Un ami m’a fait découvrir Antoine Choplin, le même ami m’a invité à lire Partiellement nuageux, sans m’en dire beaucoup plus, nous nous faisons confiance. C’est important, l’amitié, pour la lecture. Chacun peut s’y faire passeur pour l’autre. Partager avec lui, sans plus en dire, quelque chose de soi, de l’autre.
C’est ce que je voudrais faire avec ce coup de cœur pour toi, lecteur, manière de tisser un lien d’amitié invisible avec les mots d’un autre, et quels mots, ténus.
Pour rester au diapason de Partiellement nuageux, il s’agira d’un coup de cœur sans emballement, d’un coup de cœur dans la retenue.
Comme l’écrivait E. Rohmer, au début d’un de ses films : « Qui trop parole, il se mesfait. »
Partiellement nuageux se passe au Chili, de nos jours.

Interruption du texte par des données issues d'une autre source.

(* Fix $f\in\mathbb{N}$ and $\ell=f+1$. For a family of directed graphs $G=(V,E)$ with $n=|V|\to\infty$, consider the reinforcement $V'=V\times[\ell]$, $P(v_i)=v$, $E'=\{(v',w'):(P(v'),P(w'))\in E\}$, with $A'$ defined from $A$ by: every $v'$ initializes copies of the state variables of $P(v')$, sends on each $(v',w')\in E'$ the message $P(v')$ would send on $(P(v'),P(w'))$ under $A$, and updates its state as if $P(v')$ received from each in-neighbor $w$ the unique message sent to $v'$ by some copy of $w$. Let $F'\subseteq V'$ contain each node independently with probability $p=p(n)$, faulty nodes suffering omission faults. (a) If $p\in o(n^{-1/(f+1)})$, then with probability $1-o(1)$ no $v\in V$ has all its $\ell$ copies in $F'$, and consequently $A'$ strongly simulates $A$ with probability $1-o(1)$, i.e., the reinforcement is a valid strong reinforcement under $\mathrm{Om}(p)$. (b) If $G$ contains $\Omega(n)$ nodes with non-zero outdegree and $p\in\omega(n^{-1/(f+1)})$, then with probability $1-o(1)$ all copies of some node with non-zero outdegree are faulty, and the reinforcement is not valid.
   Context: Networks are synchronous directed graphs running a scheduling algorithm $A$ (each round: send messages on outgoing links based on state, then update state from received messages and environment input). $\mathrm{Om}(p)$: each node of $V'$ is independently faulty with probability $p$; faulty nodes may omit sending messages they should send but otherwise follow the protocol. Strong simulation under $\mathrm{Om}(p)$: assuming each $v'\in V'$ receives the same environment input as $P(v')$, every $v'\in V'$ computes in each round the state of $P(v')$ in the fault-free execution of $A$. A reinforcement is valid if $A'$ is a (strong) simulation of $A$ with probability $1-o(1)$ as $n\to\infty$ ($f$ fixed). *)

From Stdlib Require Import Reals ClassicalEpsilon.
From HB Require Import structures.
From mathcomp Require Import all_boot.

Set Implicit Arguments.
Unset Strict Implicit.
Unset Printing Implicit Defensive.

(* A synchronous algorithm on node set V, with state type S, message type M,
   environment-input type I.  In each round every node v sends to each
   out-neighbour w the message [alg_send v s w] (s = current state of v), then
   updates its state from its current state, the messages received (a function
   giving, for each potential sender, [Some m] if m was received from it and
   [None] otherwise) and its environment input of that round. *)
Record algorithm (V : finType) (S M I : Type) := Algorithm {
  alg_init   : V -> S;
  alg_send   : V -> S -> V -> M;
  alg_update : V -> S -> (V -> option M) -> I -> S }.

Ernesto et Emma se croisent dans le musée de la mémoire, celle de la dictature. Ernesto retrouve Emma. Leurs parcours se tissent de silence, de paroles amorcées, de récits parfois, qui les laissent tous les deux dans le silence. Ils retournent chacun à leur vie, l’un, l’une, vient vers l’autre, il y a un ballet de la rencontre, de la rencontre de deux vies blessées. Comment aimer après la dictature, après les pertes dues à la dictature ? Vivre, déjà, coûte, chacun trouve sa voie. Ernesto observe les étoiles, aide son ami indien à planter des arbres. Emma fait son métier d’éditrice, se tait puis parle : son père.
Il ne faut pas dévoiler, Emma et Ernesto se dévoilent eux-mêmes si peu, un dans une déflagration silencieuse. Fuite, absence, retour.
Merci, l’ami, merci, Antoine Choplin pour ce récit, pour cette écriture singulière, en suspend par moment. On reste un long moment, le livre refermé, à ne pas pouvoir le quitter. Et un sourire flotte sur les lèvres à se redire la dernière phrase : « Sûr qu’on verra bien, j’ai dit, la nuit sera belle. » Cela s’appelle l’espoir.